## Supplied data

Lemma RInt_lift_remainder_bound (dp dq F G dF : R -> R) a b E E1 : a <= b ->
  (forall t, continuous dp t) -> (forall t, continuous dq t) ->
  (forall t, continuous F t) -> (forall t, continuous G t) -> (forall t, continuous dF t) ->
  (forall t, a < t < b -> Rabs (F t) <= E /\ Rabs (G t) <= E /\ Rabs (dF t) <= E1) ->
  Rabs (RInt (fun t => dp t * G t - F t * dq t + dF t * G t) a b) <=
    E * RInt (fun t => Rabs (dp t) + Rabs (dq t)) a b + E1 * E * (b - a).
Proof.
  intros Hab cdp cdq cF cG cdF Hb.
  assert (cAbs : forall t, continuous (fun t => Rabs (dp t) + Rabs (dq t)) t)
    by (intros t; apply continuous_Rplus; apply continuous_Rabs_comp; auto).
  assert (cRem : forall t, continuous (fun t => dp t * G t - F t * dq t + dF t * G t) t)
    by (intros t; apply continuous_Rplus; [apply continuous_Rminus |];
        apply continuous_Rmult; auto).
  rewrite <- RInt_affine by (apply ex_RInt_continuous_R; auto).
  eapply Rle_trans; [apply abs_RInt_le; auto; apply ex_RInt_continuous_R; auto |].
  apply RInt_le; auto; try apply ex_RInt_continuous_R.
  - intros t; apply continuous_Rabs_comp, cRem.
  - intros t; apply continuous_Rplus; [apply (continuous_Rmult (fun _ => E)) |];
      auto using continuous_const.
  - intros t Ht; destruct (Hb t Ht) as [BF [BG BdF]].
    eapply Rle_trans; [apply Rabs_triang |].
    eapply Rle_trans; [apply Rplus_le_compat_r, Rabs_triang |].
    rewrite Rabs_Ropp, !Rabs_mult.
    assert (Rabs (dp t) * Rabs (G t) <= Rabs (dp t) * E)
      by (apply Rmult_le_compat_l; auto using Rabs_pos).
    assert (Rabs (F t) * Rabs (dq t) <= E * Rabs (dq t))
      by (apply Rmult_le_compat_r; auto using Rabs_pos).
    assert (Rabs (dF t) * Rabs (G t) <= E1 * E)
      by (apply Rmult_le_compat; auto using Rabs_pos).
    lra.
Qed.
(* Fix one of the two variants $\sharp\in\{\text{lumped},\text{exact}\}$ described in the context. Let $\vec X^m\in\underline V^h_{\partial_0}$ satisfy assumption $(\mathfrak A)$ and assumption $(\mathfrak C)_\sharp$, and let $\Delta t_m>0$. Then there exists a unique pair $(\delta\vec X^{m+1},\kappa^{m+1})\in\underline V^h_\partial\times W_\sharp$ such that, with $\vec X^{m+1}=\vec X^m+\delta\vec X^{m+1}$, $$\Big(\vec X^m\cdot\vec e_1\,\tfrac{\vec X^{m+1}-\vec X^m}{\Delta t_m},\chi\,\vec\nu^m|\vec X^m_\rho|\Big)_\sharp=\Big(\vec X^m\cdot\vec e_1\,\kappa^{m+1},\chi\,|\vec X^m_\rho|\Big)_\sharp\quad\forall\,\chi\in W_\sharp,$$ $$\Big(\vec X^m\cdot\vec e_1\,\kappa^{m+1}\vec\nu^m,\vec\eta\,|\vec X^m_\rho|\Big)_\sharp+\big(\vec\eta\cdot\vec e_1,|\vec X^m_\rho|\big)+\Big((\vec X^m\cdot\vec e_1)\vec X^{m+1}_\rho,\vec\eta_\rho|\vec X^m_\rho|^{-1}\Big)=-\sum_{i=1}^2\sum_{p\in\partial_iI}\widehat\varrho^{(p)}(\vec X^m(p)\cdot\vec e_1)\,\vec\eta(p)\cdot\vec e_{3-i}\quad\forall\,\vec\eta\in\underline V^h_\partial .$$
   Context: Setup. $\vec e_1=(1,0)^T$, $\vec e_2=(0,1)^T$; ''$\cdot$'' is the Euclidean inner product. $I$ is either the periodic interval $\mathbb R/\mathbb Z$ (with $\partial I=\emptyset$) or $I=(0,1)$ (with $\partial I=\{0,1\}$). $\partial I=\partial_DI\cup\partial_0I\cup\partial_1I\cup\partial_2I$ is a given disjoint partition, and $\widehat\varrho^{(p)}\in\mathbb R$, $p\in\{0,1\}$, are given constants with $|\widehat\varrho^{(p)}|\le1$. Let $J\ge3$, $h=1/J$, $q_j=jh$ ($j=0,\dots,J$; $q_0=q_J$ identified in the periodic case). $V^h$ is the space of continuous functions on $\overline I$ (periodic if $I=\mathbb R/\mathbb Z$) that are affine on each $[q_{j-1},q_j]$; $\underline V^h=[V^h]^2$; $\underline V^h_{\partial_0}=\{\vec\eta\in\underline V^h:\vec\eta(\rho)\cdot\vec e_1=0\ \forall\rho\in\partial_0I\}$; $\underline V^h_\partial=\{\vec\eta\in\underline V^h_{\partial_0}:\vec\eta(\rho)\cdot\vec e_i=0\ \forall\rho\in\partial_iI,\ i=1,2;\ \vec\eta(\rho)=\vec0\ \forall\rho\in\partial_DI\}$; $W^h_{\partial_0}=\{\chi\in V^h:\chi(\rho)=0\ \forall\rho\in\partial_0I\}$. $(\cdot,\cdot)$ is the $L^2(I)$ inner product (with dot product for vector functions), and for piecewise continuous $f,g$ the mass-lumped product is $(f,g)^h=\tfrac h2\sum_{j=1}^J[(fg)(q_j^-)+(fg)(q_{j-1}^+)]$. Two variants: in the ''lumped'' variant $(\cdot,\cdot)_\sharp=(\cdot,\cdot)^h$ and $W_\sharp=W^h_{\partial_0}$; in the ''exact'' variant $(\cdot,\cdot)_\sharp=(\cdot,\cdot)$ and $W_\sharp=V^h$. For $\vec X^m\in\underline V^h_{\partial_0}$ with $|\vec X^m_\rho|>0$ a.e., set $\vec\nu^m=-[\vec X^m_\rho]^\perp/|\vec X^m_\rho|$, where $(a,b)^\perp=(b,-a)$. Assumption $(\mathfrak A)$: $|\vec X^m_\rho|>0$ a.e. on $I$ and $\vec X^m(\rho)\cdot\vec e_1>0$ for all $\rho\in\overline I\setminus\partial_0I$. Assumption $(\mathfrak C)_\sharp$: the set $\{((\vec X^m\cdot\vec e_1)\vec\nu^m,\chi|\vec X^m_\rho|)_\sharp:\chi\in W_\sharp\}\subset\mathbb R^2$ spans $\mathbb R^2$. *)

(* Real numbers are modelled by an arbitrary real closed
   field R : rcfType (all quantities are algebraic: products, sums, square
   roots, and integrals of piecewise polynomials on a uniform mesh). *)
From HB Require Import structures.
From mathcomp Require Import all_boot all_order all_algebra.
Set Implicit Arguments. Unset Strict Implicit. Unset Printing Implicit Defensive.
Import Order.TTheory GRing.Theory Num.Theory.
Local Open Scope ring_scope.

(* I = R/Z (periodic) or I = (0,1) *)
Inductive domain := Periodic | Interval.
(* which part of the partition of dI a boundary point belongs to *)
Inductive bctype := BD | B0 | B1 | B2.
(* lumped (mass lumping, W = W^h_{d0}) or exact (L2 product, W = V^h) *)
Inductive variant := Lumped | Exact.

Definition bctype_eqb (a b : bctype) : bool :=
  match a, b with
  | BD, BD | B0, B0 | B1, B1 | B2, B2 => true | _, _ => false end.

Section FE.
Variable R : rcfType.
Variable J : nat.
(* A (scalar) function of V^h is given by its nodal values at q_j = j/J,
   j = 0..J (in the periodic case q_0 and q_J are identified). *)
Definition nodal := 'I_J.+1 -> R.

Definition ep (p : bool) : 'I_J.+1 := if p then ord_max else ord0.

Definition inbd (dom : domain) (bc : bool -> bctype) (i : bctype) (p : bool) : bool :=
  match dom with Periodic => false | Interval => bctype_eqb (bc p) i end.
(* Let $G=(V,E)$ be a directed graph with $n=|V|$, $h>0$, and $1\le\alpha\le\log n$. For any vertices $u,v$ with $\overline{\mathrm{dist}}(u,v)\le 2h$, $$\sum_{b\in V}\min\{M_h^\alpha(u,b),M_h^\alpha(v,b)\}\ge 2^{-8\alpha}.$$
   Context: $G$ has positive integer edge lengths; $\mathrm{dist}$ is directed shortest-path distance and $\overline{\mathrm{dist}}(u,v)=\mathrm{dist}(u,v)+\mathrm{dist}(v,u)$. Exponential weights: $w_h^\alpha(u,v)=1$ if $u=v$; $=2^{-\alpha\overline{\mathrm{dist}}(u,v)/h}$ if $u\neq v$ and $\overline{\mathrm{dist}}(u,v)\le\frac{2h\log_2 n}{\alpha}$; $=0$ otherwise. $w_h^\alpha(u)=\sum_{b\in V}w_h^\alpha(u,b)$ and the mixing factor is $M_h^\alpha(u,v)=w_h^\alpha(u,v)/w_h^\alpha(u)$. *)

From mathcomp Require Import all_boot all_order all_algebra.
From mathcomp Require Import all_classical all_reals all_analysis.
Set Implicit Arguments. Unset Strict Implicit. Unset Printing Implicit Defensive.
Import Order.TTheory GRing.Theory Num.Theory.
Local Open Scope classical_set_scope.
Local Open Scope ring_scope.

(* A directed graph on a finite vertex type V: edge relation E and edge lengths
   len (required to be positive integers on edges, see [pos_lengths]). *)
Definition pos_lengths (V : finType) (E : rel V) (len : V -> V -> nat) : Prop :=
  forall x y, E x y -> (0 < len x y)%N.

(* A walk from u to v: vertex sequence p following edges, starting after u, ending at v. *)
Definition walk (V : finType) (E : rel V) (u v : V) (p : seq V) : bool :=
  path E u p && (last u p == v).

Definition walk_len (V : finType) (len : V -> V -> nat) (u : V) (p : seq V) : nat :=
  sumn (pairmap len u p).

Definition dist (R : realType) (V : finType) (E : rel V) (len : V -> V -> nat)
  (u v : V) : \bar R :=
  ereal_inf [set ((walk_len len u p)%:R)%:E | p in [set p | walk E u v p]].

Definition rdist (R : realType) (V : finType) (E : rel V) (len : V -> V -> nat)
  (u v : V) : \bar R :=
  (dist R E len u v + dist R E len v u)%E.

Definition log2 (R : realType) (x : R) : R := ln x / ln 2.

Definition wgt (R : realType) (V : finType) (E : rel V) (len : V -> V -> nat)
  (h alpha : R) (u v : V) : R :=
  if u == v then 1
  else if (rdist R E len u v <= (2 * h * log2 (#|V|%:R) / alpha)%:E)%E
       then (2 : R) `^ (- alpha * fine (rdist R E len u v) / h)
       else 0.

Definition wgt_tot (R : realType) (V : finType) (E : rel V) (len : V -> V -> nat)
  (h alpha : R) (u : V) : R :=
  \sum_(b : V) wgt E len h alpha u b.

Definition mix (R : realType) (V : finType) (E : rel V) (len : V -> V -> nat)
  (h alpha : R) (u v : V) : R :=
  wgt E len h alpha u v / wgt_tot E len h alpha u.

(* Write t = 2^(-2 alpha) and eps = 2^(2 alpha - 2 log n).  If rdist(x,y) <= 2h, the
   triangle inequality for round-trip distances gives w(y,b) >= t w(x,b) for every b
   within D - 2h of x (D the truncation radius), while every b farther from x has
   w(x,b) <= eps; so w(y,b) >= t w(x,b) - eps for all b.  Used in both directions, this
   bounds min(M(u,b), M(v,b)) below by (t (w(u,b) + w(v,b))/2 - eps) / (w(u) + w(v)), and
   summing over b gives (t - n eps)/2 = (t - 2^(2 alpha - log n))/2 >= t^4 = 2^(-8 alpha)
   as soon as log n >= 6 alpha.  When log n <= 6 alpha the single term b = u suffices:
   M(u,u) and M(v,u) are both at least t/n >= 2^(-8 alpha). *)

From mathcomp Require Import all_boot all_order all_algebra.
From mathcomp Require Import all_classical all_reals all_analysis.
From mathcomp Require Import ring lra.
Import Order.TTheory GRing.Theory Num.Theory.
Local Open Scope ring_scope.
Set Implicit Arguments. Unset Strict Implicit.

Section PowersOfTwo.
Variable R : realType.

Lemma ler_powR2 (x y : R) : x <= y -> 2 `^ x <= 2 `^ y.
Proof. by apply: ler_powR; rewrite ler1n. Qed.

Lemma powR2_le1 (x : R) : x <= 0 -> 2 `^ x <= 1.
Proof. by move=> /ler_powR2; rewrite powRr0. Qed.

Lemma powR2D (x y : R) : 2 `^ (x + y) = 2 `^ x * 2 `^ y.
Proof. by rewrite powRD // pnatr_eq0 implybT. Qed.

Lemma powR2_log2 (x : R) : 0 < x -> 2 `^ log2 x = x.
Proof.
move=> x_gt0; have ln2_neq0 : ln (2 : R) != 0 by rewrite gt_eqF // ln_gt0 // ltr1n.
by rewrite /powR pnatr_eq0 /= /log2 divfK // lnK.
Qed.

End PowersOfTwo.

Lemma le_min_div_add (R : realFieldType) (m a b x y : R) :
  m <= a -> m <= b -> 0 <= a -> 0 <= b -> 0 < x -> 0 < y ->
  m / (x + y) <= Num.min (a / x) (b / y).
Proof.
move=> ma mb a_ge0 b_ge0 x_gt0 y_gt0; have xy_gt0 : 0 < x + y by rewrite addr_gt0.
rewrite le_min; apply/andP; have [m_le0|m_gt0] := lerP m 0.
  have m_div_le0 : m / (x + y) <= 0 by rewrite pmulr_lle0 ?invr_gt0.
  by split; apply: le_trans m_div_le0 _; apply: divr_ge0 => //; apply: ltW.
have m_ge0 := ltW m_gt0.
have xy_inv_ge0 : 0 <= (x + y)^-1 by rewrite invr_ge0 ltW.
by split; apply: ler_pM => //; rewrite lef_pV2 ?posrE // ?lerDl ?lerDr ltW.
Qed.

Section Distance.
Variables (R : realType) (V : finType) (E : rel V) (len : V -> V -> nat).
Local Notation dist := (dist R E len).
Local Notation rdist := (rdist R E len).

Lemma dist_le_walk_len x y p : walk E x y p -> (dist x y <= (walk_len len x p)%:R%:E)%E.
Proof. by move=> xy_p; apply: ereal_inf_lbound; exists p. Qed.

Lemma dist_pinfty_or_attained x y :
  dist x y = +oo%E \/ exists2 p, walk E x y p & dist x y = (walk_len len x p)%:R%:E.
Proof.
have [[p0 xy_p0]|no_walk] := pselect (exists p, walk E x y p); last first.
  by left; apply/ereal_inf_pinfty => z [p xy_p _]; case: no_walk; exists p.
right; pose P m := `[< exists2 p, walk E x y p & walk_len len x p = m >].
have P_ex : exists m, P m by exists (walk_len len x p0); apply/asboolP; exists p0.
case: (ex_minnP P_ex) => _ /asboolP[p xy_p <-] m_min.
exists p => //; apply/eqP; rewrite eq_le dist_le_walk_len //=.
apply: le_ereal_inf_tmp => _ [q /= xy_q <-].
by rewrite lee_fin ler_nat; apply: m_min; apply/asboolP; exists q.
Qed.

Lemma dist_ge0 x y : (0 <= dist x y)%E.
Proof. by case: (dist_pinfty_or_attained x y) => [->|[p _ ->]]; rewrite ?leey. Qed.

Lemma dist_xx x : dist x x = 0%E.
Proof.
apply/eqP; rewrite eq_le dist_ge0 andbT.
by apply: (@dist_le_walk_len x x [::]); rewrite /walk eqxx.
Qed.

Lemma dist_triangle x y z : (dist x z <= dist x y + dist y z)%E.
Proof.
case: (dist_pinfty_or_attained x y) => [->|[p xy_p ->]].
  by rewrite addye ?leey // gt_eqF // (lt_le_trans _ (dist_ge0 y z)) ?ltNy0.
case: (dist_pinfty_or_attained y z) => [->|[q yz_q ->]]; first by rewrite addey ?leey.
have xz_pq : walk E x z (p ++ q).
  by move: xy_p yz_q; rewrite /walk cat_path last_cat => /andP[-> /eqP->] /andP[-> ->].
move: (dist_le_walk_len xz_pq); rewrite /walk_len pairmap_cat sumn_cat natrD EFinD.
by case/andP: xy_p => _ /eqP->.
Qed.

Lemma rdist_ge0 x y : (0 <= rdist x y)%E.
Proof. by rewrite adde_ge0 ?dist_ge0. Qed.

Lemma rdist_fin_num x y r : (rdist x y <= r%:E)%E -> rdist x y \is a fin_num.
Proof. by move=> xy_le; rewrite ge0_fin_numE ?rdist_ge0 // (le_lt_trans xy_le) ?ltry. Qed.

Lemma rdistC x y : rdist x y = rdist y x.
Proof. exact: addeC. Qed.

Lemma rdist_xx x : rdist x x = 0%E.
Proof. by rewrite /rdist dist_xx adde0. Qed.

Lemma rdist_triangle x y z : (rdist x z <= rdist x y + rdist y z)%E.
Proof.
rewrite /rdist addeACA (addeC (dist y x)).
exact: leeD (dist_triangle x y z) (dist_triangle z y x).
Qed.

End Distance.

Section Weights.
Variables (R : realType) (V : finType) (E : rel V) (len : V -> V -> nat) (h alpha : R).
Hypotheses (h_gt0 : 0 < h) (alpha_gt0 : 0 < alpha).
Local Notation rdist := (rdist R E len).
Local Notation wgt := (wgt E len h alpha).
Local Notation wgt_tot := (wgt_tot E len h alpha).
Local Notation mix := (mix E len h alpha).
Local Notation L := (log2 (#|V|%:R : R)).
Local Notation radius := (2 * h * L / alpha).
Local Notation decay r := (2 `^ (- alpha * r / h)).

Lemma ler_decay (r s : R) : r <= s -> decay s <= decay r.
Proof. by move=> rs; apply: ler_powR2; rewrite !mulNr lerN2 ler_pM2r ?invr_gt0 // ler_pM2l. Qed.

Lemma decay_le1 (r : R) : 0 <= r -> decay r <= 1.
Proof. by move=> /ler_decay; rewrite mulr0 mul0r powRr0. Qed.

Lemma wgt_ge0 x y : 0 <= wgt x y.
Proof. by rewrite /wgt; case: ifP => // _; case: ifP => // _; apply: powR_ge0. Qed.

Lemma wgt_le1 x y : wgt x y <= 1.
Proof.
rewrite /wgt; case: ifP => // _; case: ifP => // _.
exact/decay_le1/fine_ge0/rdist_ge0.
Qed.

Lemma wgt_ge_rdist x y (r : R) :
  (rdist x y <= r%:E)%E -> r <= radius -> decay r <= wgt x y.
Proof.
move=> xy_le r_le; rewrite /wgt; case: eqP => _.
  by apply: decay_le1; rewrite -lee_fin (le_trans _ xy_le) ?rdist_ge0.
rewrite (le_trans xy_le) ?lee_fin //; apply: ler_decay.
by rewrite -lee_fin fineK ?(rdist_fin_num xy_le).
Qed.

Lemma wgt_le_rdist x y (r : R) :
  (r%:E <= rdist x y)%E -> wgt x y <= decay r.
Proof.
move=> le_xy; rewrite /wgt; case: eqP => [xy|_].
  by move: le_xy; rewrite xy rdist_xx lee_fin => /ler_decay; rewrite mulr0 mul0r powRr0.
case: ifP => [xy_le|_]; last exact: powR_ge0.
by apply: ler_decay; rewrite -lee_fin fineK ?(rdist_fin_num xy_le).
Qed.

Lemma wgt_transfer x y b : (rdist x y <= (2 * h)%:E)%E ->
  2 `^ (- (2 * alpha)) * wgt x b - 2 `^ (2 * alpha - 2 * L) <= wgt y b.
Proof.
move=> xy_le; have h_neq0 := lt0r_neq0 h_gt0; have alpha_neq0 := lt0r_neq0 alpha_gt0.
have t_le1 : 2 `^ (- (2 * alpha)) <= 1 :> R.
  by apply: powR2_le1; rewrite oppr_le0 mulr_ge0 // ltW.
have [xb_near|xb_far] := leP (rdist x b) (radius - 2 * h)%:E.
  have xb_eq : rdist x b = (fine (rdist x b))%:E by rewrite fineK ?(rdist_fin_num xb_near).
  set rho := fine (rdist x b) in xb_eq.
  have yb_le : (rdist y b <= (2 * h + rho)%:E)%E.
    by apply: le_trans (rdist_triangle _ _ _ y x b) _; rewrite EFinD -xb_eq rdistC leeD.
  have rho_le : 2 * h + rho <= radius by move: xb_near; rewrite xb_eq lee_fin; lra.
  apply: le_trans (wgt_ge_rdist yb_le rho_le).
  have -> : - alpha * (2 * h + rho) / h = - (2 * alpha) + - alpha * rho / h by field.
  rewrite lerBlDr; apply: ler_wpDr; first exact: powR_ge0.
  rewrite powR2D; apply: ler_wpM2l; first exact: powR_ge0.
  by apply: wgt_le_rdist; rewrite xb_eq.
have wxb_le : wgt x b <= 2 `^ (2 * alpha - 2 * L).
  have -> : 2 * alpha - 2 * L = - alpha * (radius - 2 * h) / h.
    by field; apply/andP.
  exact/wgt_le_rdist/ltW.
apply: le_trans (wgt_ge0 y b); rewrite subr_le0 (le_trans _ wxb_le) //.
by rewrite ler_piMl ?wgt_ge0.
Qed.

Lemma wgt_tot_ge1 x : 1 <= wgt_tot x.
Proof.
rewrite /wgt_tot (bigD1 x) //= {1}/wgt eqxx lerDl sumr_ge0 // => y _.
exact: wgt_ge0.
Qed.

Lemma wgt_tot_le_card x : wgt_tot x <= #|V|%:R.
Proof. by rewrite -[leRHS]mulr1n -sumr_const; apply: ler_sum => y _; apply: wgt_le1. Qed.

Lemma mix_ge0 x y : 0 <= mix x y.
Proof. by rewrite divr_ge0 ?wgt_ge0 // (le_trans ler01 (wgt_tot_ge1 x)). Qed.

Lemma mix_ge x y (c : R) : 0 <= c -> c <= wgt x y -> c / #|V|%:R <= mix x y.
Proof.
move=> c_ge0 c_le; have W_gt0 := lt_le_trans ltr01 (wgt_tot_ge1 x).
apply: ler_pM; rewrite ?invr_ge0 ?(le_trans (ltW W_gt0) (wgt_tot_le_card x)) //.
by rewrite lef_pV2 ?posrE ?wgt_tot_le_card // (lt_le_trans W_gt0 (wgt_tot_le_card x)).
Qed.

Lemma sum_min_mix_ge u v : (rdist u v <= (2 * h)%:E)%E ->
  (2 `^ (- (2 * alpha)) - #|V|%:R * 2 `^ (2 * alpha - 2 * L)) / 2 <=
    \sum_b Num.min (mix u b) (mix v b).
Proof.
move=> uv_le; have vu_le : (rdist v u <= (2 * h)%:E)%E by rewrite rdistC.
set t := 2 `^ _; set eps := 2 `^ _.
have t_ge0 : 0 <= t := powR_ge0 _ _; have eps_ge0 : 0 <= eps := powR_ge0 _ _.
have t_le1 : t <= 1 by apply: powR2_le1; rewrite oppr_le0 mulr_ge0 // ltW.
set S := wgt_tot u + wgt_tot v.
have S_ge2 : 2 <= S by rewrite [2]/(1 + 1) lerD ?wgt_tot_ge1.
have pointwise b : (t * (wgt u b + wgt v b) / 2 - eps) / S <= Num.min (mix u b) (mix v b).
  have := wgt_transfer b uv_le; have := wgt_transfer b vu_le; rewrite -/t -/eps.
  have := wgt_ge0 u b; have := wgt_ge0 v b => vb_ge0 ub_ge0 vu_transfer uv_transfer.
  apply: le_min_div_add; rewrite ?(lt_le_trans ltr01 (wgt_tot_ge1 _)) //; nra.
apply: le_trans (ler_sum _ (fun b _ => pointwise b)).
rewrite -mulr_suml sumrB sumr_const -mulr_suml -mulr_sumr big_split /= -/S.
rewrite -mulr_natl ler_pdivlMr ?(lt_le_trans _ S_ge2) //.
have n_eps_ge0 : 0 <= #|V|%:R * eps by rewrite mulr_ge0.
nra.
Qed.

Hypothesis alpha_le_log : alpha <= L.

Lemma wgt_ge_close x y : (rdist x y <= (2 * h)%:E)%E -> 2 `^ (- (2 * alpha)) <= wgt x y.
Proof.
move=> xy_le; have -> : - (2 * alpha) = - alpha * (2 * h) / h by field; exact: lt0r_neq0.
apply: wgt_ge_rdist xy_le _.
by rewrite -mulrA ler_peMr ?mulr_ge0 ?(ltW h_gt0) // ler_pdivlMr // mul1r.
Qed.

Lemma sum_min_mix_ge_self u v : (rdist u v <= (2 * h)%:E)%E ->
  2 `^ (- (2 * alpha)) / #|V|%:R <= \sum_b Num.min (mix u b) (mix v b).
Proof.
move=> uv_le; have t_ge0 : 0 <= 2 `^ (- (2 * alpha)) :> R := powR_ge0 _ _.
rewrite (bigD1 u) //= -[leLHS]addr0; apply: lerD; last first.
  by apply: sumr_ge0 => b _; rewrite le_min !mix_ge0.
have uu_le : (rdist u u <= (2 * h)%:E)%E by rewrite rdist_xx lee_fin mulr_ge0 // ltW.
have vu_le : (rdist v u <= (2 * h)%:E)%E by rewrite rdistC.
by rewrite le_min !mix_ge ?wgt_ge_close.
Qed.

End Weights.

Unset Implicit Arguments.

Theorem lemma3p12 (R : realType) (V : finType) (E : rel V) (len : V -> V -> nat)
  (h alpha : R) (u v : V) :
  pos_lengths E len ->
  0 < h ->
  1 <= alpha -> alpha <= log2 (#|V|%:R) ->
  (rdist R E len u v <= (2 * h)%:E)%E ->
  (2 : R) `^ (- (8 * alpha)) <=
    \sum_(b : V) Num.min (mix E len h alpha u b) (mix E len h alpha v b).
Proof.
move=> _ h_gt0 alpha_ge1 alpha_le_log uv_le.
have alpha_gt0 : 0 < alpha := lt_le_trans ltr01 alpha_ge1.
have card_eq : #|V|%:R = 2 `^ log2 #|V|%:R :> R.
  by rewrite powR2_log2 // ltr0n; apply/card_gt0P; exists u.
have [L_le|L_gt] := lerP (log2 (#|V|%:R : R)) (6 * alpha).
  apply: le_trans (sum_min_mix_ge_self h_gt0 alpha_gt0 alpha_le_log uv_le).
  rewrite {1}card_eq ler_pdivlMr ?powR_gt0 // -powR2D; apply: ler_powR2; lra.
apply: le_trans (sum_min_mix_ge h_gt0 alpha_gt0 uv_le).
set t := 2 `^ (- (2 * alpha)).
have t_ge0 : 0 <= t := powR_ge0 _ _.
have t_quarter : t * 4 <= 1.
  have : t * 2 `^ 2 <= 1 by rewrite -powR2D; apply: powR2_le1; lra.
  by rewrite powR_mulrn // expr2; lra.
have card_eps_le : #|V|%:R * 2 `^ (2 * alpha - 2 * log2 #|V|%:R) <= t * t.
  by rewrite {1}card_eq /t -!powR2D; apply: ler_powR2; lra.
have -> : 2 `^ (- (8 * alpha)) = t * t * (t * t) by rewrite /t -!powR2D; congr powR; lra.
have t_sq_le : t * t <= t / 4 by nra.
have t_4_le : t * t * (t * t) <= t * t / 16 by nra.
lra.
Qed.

## Problem statement
Starting with the line with "by move: le_xy;" above and going on through the line with "Lemma wgt_transfer x", transcribe every line exactly, both ends included, and add nothing.

## Written answer
  by move: le_xy; rewrite xy rdist_xx lee_fin => /ler_decay; rewrite mulr0 mul0r powRr0.
case: ifP => [xy_le|_]; last exact: powR_ge0.
by apply: ler_decay; rewrite -lee_fin fineK ?(rdist_fin_num xy_le).
Qed.

Lemma wgt_transfer x y b : (rdist x y <= (2 * h)%:E)%E ->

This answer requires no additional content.